The Rule’s direction that courts should grant summary judgment when “there is no genuine issue as to any material fact” leaves substantial discretion in the hands of courts; even as precedent accumulates over time, the summary judgment determination is still far more standard than rule.[23] But the summary judgment standard[24] is not a pure-type standard; Rule 56 gives some ex ante content to the law by establishing rules governing, for example, the timing of summary judgment motions[25] and the evidence to be considered in deciding such motions.[26]

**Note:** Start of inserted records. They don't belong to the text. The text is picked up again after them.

Lemma no_twin_n_classes v (b : {set 'Z_v}) :
  #|b| = 3%N -> ~~ has_twin b -> n_classes b = 3%N.
Proof.
move=> b3 no_twin; rewrite /n_classes.
have inj_class : {in enum b &, injective (fun x : 'Z_v => (x %% 3)%N)}.
  move=> x y; rewrite !mem_enum => xb yb same; apply/eqP; apply: contraNT no_twin => nexy.
  by apply/existsP; exists x; apply/existsP; exists y; rewrite xb yb nexy /same_class same /=.
by rewrite undup_id ?size_map -?cardE // map_inj_in_uniq // enum_uniq.
Qed.

Lemma n_classes1_same_class v (b : {set 'Z_v}) :
  n_classes b = 1%N -> {in b &, forall x y, same_class x y}.
Proof.
rewrite /n_classes => one x y xb yb.
have mem_cls z : z \in b -> (z %% 3)%N \in undup [seq (nat_of_ord u %% 3)%N | u <- enum b].
  by move=> zb; rewrite mem_undup; apply/mapP; exists z; rewrite ?mem_enum.
move: one (mem_cls x xb) (mem_cls y yb); rewrite /same_class.
by case: (undup _) => [|c [|]] //= _; rewrite !inE => /eqP -> /eqP ->.
Qed.

Lemma val_addZp v (x y : 'Z_v) : (1 < v)%N -> val (x + y) = ((val x + val y) %% v)%N.
Proof. by move=> v_gt1; congr (_ %% _)%N; apply: Zp_cast. Qed.

Lemma ltn_Zp v (x : 'Z_v) : (1 < v)%N -> (x < v)%N.
Proof. by move=> v_gt1; case: x => i /=; rewrite Zp_cast. Qed.

(* When 3 | v, reduction mod 3 is additive on Z_v, so translating a block does
   not create twins. *)
Lemma has_twin_translate v (b : {set 'Z_v}) d :
  (1 < v)%N -> (3 %| v)%N -> has_twin (translate b d) -> has_twin b.
Proof.
move=> v_gt1 three_v /existsP[_ /existsP[_ /and4P[/imsetP[x xb ->] /imsetP[y yb ->] ne same]]].
have nexy : x != y by apply: contraNneq ne => ->.
apply/existsP; exists x; apply/existsP; exists y; rewrite xb yb nexy /=.
move: same; rewrite /same_class !val_addZp // !(modn_dvdm _ three_v).
by rewrite eqn_modDr.
Qed.

Lemma not_type3_has_twin v (b : {set 'Z_v}) :
  (1 < v)%N -> (3 %| v)%N -> #|b| = 3%N ->
  ~ orbit_of_type (block_orbit b) 3 -> has_twin b.
Proof.
move=> v_gt1 three_v b3 not_type3; case: (boolP (has_twin b)) => // no_twin.
case: not_type3 => c /imsetP[d _ ->].
apply: no_twin_n_classes; first by rewrite card_translate.
by apply: contra no_twin; apply: has_twin_translate.
Qed.

Lemma count_residue k c : (c < 3)%N ->
  (\sum_(0 <= i < k * 3) (i %% 3 == c : nat) = k)%N.
Proof.
move=> c_lt3; elim: k => [|k IHk]; first by rewrite big_geq.
rewrite mulSnr addn3 !big_nat_recr //= IHk modnMl -[(k * 3).+2]addn2 -[(k * 3).+1]addn1 !modnMDl.
by clear IHk; case: c c_lt3 => [|[|[|]]] //= _; lia.
Qed.

Section MultipleOfThree.

Variables (v m : nat).
Hypotheses (v_eq : v = (m * 3)%N) (m_gt0 : (0 < m)%N).

Let v_gt1 : (1 < v)%N. Proof. lia. Qed.

Lemma card_Zv : #|'Z_v| = v.
Proof. by rewrite card_ord Zp_cast. Qed.

Local Notation third := (m%:R : 'Z_v).

Lemma order3_shift (d : 'Z_v) : d != 0 -> d *+ 3 = 0 -> d = third \/ d = third *+ 2.
Proof.
move=> nzd d3.
have m_dvd : (m %| d)%N.
  have : ((d * 3)%:R : 'Z_v) = 0 by rewrite mulrnA natr_Zp.
  move/(congr1 (@nat_of_ord _)); rewrite val_Zp_nat //= => /eqP.
  by rewrite -(dvdn_pmul2r (isT : 0 < 3)%N) -v_eq.
have d_pos : (0 < d)%N by rewrite lt0n; apply: contraNneq nzd => d0; apply/eqP/val_inj.
have d_lt : (d < m * 3)%N by rewrite -v_eq ltn_Zp.
case/dvdnP: m_dvd => j dj; rewrite -(natr_Zp d) dj natrM mulr_natl.
have [-> | ->] : j = 1%N \/ j = 2%N by nia.
  by left; rewrite mulr1n.
by right.
Qed.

And many of the Federal Rules of Civil Procedure are in fact even more explicit hybrids of rule and standard, lying somewhere in between the pure-type extremes with which this article is primarily concerned. For example, Rule 15 governing the amendment of pleadings is either pure rule or near-pure standard, depending on the timing of the motion to amend.[27] If a party seeks to amend early enough after the initial filing, the court must accept one such amendment; the “matter of course” provision in Rule 15(a)(1) is essentially a pure-type rule.[28] But once the “matter of course” time period has expired, a standard comes into play; then the party “may amend its pleading only with the opposing party’s written consent or the court’s leave,” which the court “should freely give . . . when justice so requires.”[29]

For ease of modeling, this article focuses only on the extreme pure-type endpoints of the rules/standards continuum.[30] But the model holds for all points in between as well; as a general matter, the more susceptible a regulatory problem is to rule regulation, the lower the transaction costs associated with confining the discretion of an untrustworthy agent. The less susceptible, the higher those transaction costs, and thus the greater the opportunity for agent arbitrage.[31]

B.  The Ideal Character of Regulation

Many regulatory problems are more amenable to regulation of a particular character. There are numerous regulatory challenges for which highly-deterministic rule regulation is objectively preferable. At the same time, there are other regulatory challenges that, for a variety of reasons, cannot effectively be governed by rule regulation; for these problems, a standard is best. At root, selection of the ideal character of regulation is a problem of complexity and cost. For certain types of regulatory challenges, especially those in which the law seeks to balance two or more competing ends, it would be virtually impossible to craft a deterministic system of rules that would give the law sufficient ex ante content to answer each and every question likely to be presented. For other regulatory concerns, the costs associated with fact-intensive case-by-case determination may counsel instead in favor of a rule.